- Opening Delimiter -

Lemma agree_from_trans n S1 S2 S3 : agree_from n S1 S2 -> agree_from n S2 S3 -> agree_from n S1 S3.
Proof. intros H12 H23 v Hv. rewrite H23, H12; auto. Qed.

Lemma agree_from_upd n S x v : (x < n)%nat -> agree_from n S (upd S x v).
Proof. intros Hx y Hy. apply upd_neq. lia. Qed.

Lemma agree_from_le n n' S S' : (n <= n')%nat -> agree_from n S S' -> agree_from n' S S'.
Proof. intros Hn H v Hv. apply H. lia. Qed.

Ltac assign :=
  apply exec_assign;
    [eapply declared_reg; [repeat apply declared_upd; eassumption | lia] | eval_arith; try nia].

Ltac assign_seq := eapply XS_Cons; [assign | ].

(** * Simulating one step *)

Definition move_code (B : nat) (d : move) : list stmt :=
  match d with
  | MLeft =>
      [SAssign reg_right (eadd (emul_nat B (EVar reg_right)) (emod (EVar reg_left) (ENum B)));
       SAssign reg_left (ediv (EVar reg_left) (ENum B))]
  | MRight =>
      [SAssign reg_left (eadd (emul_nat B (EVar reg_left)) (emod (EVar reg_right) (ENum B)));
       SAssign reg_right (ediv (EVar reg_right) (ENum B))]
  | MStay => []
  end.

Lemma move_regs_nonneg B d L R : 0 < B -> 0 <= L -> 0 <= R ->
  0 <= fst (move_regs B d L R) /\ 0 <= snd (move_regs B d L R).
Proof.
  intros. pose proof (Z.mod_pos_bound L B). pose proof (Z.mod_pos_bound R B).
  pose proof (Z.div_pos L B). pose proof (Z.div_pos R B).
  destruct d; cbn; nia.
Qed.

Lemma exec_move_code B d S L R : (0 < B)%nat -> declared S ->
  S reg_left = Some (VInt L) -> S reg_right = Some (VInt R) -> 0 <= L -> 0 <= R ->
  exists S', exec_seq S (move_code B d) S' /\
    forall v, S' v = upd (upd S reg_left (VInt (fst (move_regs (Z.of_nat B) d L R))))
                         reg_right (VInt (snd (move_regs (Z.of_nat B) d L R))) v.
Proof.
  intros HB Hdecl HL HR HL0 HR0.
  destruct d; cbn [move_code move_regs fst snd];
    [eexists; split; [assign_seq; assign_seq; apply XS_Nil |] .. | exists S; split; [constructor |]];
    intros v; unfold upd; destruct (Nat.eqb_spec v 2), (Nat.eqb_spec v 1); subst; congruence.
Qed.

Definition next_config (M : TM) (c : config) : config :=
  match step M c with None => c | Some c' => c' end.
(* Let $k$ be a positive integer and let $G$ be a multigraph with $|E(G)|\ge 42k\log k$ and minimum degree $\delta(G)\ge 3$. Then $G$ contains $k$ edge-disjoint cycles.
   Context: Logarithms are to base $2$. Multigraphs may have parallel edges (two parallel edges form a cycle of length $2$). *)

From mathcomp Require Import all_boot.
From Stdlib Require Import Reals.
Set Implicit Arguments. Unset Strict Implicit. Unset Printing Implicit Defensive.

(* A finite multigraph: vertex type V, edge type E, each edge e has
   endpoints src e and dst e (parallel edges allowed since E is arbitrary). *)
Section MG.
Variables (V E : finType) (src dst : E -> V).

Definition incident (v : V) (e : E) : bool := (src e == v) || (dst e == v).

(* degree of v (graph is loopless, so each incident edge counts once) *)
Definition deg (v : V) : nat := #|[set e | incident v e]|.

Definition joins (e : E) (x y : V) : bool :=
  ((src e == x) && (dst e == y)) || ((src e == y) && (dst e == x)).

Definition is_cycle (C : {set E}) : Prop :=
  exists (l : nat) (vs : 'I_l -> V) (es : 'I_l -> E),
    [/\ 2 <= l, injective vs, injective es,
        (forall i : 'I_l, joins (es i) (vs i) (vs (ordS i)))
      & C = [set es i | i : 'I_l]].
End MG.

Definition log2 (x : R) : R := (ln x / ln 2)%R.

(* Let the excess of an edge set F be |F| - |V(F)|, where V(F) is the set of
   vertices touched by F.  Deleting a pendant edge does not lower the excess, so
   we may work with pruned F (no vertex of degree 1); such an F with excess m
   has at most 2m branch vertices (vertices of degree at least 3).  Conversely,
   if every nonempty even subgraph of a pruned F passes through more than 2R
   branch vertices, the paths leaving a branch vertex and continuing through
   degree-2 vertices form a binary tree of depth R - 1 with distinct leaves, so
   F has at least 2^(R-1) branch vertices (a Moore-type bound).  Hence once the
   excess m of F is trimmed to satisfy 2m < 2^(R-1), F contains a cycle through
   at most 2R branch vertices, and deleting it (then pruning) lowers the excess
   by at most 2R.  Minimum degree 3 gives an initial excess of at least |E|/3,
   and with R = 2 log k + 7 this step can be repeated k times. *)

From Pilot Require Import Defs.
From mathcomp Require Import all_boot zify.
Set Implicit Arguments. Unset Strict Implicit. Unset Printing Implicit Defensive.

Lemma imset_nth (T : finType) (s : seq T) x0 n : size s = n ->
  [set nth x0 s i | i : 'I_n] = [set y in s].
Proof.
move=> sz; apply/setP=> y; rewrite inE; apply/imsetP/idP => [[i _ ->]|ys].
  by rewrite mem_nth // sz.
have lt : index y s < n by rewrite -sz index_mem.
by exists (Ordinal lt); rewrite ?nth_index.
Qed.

- Closing Delimiter -

Go through the records and set every one down exactly.

YOUR SOLUTION:
Lemma agree_from_trans n S1 S2 S3 : agree_from n S1 S2 -> agree_from n S2 S3 -> agree_from n S1 S3.
Proof. intros H12 H23 v Hv. rewrite H23, H12; auto. Qed.

Lemma agree_from_upd n S x v : (x < n)%nat -> agree_from n S (upd S x v).
Proof. intros Hx y Hy. apply upd_neq. lia. Qed.

Lemma agree_from_le n n' S S' : (n <= n')%nat -> agree_from n S S' -> agree_from n' S S'.
Proof. intros Hn H v Hv. apply H. lia. Qed.

Ltac assign :=
  apply exec_assign;
    [eapply declared_reg; [repeat apply declared_upd; eassumption | lia] | eval_arith; try nia].

Ltac assign_seq := eapply XS_Cons; [assign | ].

(** * Simulating one step *)

Definition move_code (B : nat) (d : move) : list stmt :=
  match d with
  | MLeft =>
      [SAssign reg_right (eadd (emul_nat B (EVar reg_right)) (emod (EVar reg_left) (ENum B)));
       SAssign reg_left (ediv (EVar reg_left) (ENum B))]
  | MRight =>
      [SAssign reg_left (eadd (emul_nat B (EVar reg_left)) (emod (EVar reg_right) (ENum B)));
       SAssign reg_right (ediv (EVar reg_right) (ENum B))]
  | MStay => []
  end.

Lemma move_regs_nonneg B d L R : 0 < B -> 0 <= L -> 0 <= R ->
  0 <= fst (move_regs B d L R) /\ 0 <= snd (move_regs B d L R).
Proof.
  intros. pose proof (Z.mod_pos_bound L B). pose proof (Z.mod_pos_bound R B).
  pose proof (Z.div_pos L B). pose proof (Z.div_pos R B).
  destruct d; cbn; nia.
Qed.

Lemma exec_move_code B d S L R : (0 < B)%nat -> declared S ->
  S reg_left = Some (VInt L) -> S reg_right = Some (VInt R) -> 0 <= L -> 0 <= R ->
  exists S', exec_seq S (move_code B d) S' /\
    forall v, S' v = upd (upd S reg_left (VInt (fst (move_regs (Z.of_nat B) d L R))))
                         reg_right (VInt (snd (move_regs (Z.of_nat B) d L R))) v.
Proof.
  intros HB Hdecl HL HR HL0 HR0.
  destruct d; cbn [move_code move_regs fst snd];
    [eexists; split; [assign_seq; assign_seq; apply XS_Nil |] .. | exists S; split; [constructor |]];
    intros v; unfold upd; destruct (Nat.eqb_spec v 2), (Nat.eqb_spec v 1); subst; congruence.
Qed.

Definition next_config (M : TM) (c : config) : config :=
  match step M c with None => c | Some c' => c' end.
(* Let $k$ be a positive integer and let $G$ be a multigraph with $|E(G)|\ge 42k\log k$ and minimum degree $\delta(G)\ge 3$. Then $G$ contains $k$ edge-disjoint cycles.
   Context: Logarithms are to base $2$. Multigraphs may have parallel edges (two parallel edges form a cycle of length $2$). *)

From mathcomp Require Import all_boot.
From Stdlib Require Import Reals.
Set Implicit Arguments. Unset Strict Implicit. Unset Printing Implicit Defensive.

(* A finite multigraph: vertex type V, edge type E, each edge e has
   endpoints src e and dst e (parallel edges allowed since E is arbitrary). *)
Section MG.
Variables (V E : finType) (src dst : E -> V).

Definition incident (v : V) (e : E) : bool := (src e == v) || (dst e == v).

(* degree of v (graph is loopless, so each incident edge counts once) *)
Definition deg (v : V) : nat := #|[set e | incident v e]|.

Definition joins (e : E) (x y : V) : bool :=
  ((src e == x) && (dst e == y)) || ((src e == y) && (dst e == x)).

Definition is_cycle (C : {set E}) : Prop :=
  exists (l : nat) (vs : 'I_l -> V) (es : 'I_l -> E),
    [/\ 2 <= l, injective vs, injective es,
        (forall i : 'I_l, joins (es i) (vs i) (vs (ordS i)))
      & C = [set es i | i : 'I_l]].
End MG.

Definition log2 (x : R) : R := (ln x / ln 2)%R.

(* Let the excess of an edge set F be |F| - |V(F)|, where V(F) is the set of
   vertices touched by F.  Deleting a pendant edge does not lower the excess, so
   we may work with pruned F (no vertex of degree 1); such an F with excess m
   has at most 2m branch vertices (vertices of degree at least 3).  Conversely,
   if every nonempty even subgraph of a pruned F passes through more than 2R
   branch vertices, the paths leaving a branch vertex and continuing through
   degree-2 vertices form a binary tree of depth R - 1 with distinct leaves, so
   F has at least 2^(R-1) branch vertices (a Moore-type bound).  Hence once the
   excess m of F is trimmed to satisfy 2m < 2^(R-1), F contains a cycle through
   at most 2R branch vertices, and deleting it (then pruning) lowers the excess
   by at most 2R.  Minimum degree 3 gives an initial excess of at least |E|/3,
   and with R = 2 log k + 7 this step can be repeated k times. *)

From Pilot Require Import Defs.
From mathcomp Require Import all_boot zify.
Set Implicit Arguments. Unset Strict Implicit. Unset Printing Implicit Defensive.

Lemma imset_nth (T : finType) (s : seq T) x0 n : size s = n ->
  [set nth x0 s i | i : 'I_n] = [set y in s].
Proof.
move=> sz; apply/setP=> y; rewrite inE; apply/imsetP/idP => [[i _ ->]|ys].
  by rewrite mem_nth // sz.
have lt : index y s < n by rewrite -sz index_mem.
by exists (Ordinal lt); rewrite ?nth_index.
Qed.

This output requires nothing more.